As an associate professor in the section of Pediatrics-Hematology/Oncology and Bone Marrow Transplantation in the University of Colorado Anschutz School of Medicine, Masanori Hayashi, MD, is always looking for new ways to help patients, particularly those with rare cancers.
That’s why Hayashi, a member of the CU Anschutz Cancer Center, recently conducted research on the genetic causes of and potential new treatments for BCOR-CCNB3 sarcomas (BCS), a subtype of small cell sarcomas that represent a recently recognized group of solid tumors identified by rearrangements of the BCOR gene.
“It’s a rare sarcoma in pediatrics and young adults. The problem with these rare diseases is that sometimes people think they are similar to other cancers, though the treatment is very different,” says Hayashi, who presented on his research at the annual meeting of the American Association for Cancer Research in April. “This tumor has been called Ewing sarcoma-like, but it has a very different biology. My postdoc was able to make a cell line from a patient tumor, which gives us a unique opportunity to explore the biology of this disease.”
Hayashi and his research team began conducting experiments on the cell line, looking to find out how BCOR-CCNB3 sarcomas form.
“The BCOR gene is part of the epigenetic machinery, so we thought that the complex that BCOR is part of, which is called PRC 1.1, must be broken, and that’s how this disease happens,” he says. “That’s different from the paradigm of other diseases that are driven by genes that are fused together. These fusion genes usually turn on machinery that makes them cancerous, but in this instance, we thought it was a situation where the machinery is actually turning things off.”
Using an advanced epigenomic profiling technique called CUT&RUN (Cleavage Under Targets and Release Using Nuclease), which maps protein-DNA interactions to understand gene regulation in tumors, Hayashi and his team are looking at DNA binding in BCOR-CCNB3 sarcomas to see which genes are expressed and not expressed when the fusion gene is knocked down. Their hypothesis is that the fusion gene does not allow binding to the DNA, which changes the gene expression.
Hayashi hopes the research will change the treatment paradigm for the rare sarcoma, establishing it as a unique tumor type that requires its own specialized treatment.

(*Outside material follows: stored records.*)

(* Each sinh factor decays like expR (s - l_i), while
   expR (l1 - l2) * (coshR l3 - coshR (l1 - l2)) <= sinhR eps ^+ 2 / 2. *)
Lemma hcos_angle_defect_le eps s : l3 <= eps -> 0 <= s <= l1 -> s <= l2 ->
  (1 - hcos_angle l1 l2 l3) * sinhR s ^+ 2 <= (expR (s - l1) * sinhR eps) ^+ 2 / 2.
Proof.
move=> l3eps /andP[s0 sl1] sl2; have shs := sinhR_ge0 s0.
have sq : sinhR s ^+ 2 <= expR (s - l1) * expR (s - l2) * (sinhR l1 * sinhR l2).
  rewrite expr2 [leRHS](_ : _ = expR (s - l1) * sinhR l1 * (expR (s - l2) * sinhR l2)).
    exact: (ler_pM shs shs (sinhR_le_expRB sl1) (sinhR_le_expRB sl2)).
  by ring.
have d0 : 0 <= coshR l3 - coshR (l1 - l2).
  by rewrite -hcos_angle_defect mulr_ge0 ?subr_ge0 ?hcos_angle_le1 // ltW.
rewrite -(ler_pM2r sinh_gt0) mulrAC hcos_angle_defect mulrC.
apply: (le_trans (ler_wpM2r d0 sq)).
have e2 : expR (s - l2) = expR (s - l1) * expR (l1 - l2).
  by rewrite -expRD; congr expR; ring.
rewrite e2 [leLHS](_ : _ = expR (s - l1) ^+ 2 * (sinhR l1 * sinhR l2) *
    (expR (l1 - l2) * (coshR l3 - coshR (l1 - l2)))); last by ring.
rewrite [leRHS](_ : _ = expR (s - l1) ^+ 2 * (sinhR l1 * sinhR l2) *
    (sinhR eps ^+ 2 / 2)); last by ring.
apply: ler_wpM2l; first by rewrite mulr_ge0 ?sqr_ge0 // ltW.
apply: le_trans (expR_mul_coshR_sub_le eps (l1 - l2)).
apply: ler_wpM2l; first exact: expR_ge0.
rewrite lerD2r ler_coshR_norm // !ger0_norm //.
exact: le_trans l3eps.
Qed.

Lemma hvertex_dist_le_fellow_bound eps s : l3 <= eps ->
  0 <= s <= l1 -> s <= l2 ->
  hvertex_dist (hcos_angle l1 l2 l3) s s <= fellow_bound eps (l1 - s).
Proof.
move=> l3eps sl1 sl2; rewrite hvertex_dist_diag /fellow_bound opprB.
apply: acoshR_1D_le.
  by rewrite mulr_ge0 ?expR_ge0 // sinhR_ge0 // (le_trans l3_ge0).
rewrite mulr_ge0 ?subr_ge0 ?sqr_ge0 ?hcos_angle_le1 //=.
exact: hcos_angle_defect_le.
Qed.

End Sides.
End HyperbolicTriangles.

Section CATm1.
Variables (R : realType) (X : metricType R).
Implicit Types (x y V A B : X) (s t : R).

Lemma is_geodesic_rev x y (g : R -> X) : is_geodesic (@mdist R X) x y g ->
  is_geodesic (@mdist R X) y x (fun s => g (mdist x y - s)).
Proof.
move=> [g0 [g1 gd]]; split; first by rewrite subr0.
split; first by rewrite metric_sym subrr.
move=> s t /andP[s0 s1] /andP[t0 t1]; rewrite metric_sym in s1 t1.
rewrite gd; first by rewrite distrC; congr `|_|; ring.
  by apply/andP; split; lra.
by apply/andP; split; lra.
Qed.

Lemma dist_to_seg_le x (g : R -> X) L t : 0 <= t <= L ->
  dist_to_seg x g L <= mdist x (g t).
Proof.
move=> tL; apply: ge_inf; last by exists t.
by exists 0 => _ [u _ <-]; apply: mdist_ge0.
Qed.

Lemma mdist_ge_normB V A B : `|mdist V A - mdist V B| <= mdist A B.
Proof.
apply/ler_normlP; split.
  by have := metric_triangle V A B; lra.
by have := metric_triangle V B A; rewrite (metric_sym B A); lra.
Qed.
Lemma lyap_deriv_flowE (beta gamma s k : R) (w e u : 'cV[R]_n) : beta != 0 ->
  lyap_deriv (gamma / (2 * beta)) e u (- (beta * s) *: u)
    (- (beta * s) *: u - (- gamma *: ((k * dotv w e) *: w + s *: pe_grad e)))
  = - (beta * s / 2) * dotv u u
    + gamma * k * (dotv w e * dotv w u - dotv w e ^+ 2 / 2)
    - gamma * s / 2 * pe_form e.
Proof.
move=> beta_neq0; rewrite /lyap_deriv pe_form_pe_grad.
rewrite !(dotvDl, dotvDr, dotvBl, dotvBr, dotvZl, dotvZr, dotvNl, dotvNr).
by rewrite (dotvC u w) (dotvC e w); field.
Qed.

Lemma lyap_deriv_flow_le (beta gamma s k : R) (w e u : 'cV[R]_n) :
  0 < beta -> 0 < gamma -> 1 <= s -> 0 <= k -> gamma * k * dotv w w <= beta * s / 2 ->
  lyap_deriv (gamma / (2 * beta)) e u (- (beta * s) *: u)
    (- (beta * s) *: u - (- gamma *: ((k * dotv w e) *: w + s *: pe_grad e)))
  <= - (beta / 4) * dotv u u - gamma / 2 * pe_form e.
Proof.
move=> beta_gt0 gamma_gt0 s_ge1 k_ge0 w_small.
rewrite lyap_deriv_flowE ?gt_eqF //.
set a := dotv w e; set b := dotv w u; set uu := dotv u u; set Q := pe_form e.
have uu_ge0 : 0 <= uu := dotvv_ge0 u.
have Q_ge0 : 0 <= Q := pe_form_ge0 e.
have gk_ge0 : 0 <= gamma * k by rewrite mulr_ge0 // ltW.
have cross_le : gamma * k * (a * b - a ^+ 2 / 2) <= gamma * k * (b ^+ 2 / 2).
  rewrite ler_wpM2l // -subr_ge0.
  have -> : b ^+ 2 / 2 - (a * b - a ^+ 2 / 2) = (a - b) ^+ 2 / 2 by field.
  by rewrite mulr_ge0 ?sqr_ge0.
have b_le : gamma * k * b ^+ 2 <= beta * s / 2 * uu.
  apply: le_trans (ler_wpM2r uu_ge0 w_small).
  by rewrite -[gamma * k * _ * uu]mulrA ler_wpM2l // dotv_sqr_le.
have s_uu : beta * uu <= beta * s * uu.
  by rewrite -mulrA ler_wpM2l ?(ltW beta_gt0) // ler_peMl.
have s_Q : gamma * Q <= gamma * s * Q.
  by rewrite -mulrA ler_wpM2l ?(ltW gamma_gt0) // ler_peMl.
lra.
Qed.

“Survival rates for BCOR-CCNB3 seem to be similar or slightly better than Ewing sarcoma, but this disease keeps on smoldering, and it grows very slowly,” he says. “Clinically, we treat it the same way we treat Ewing sarcoma, but it’s a very different kind of disease. The survival numbers are a little bit hard to interpret.”
Other cancers are driven by BCOR fusions as well, he says, which means his research may have applications beyond this specific tumor type.
“Our hope is that we can identify genes that are differentially expressed, and those would probably be the same across multiple diseases that have BCOR alterations,” he says. “We want to find a new therapeutic target that targets all of these diseases.”
Hayashi says his research, as well as a growing body of research into rare cancers, spotlights a change in the way cancer is being studied and targeted.
“I think we’re transitioning from cancer as a monolith, where everything is the same, to thinking that each one has a different mechanism of action,” he says. “This is a chance to define this as a genetic group and try to come up with a genetic treatment, rather than basing treatment on where it arises from and what it looks like under the microscope.”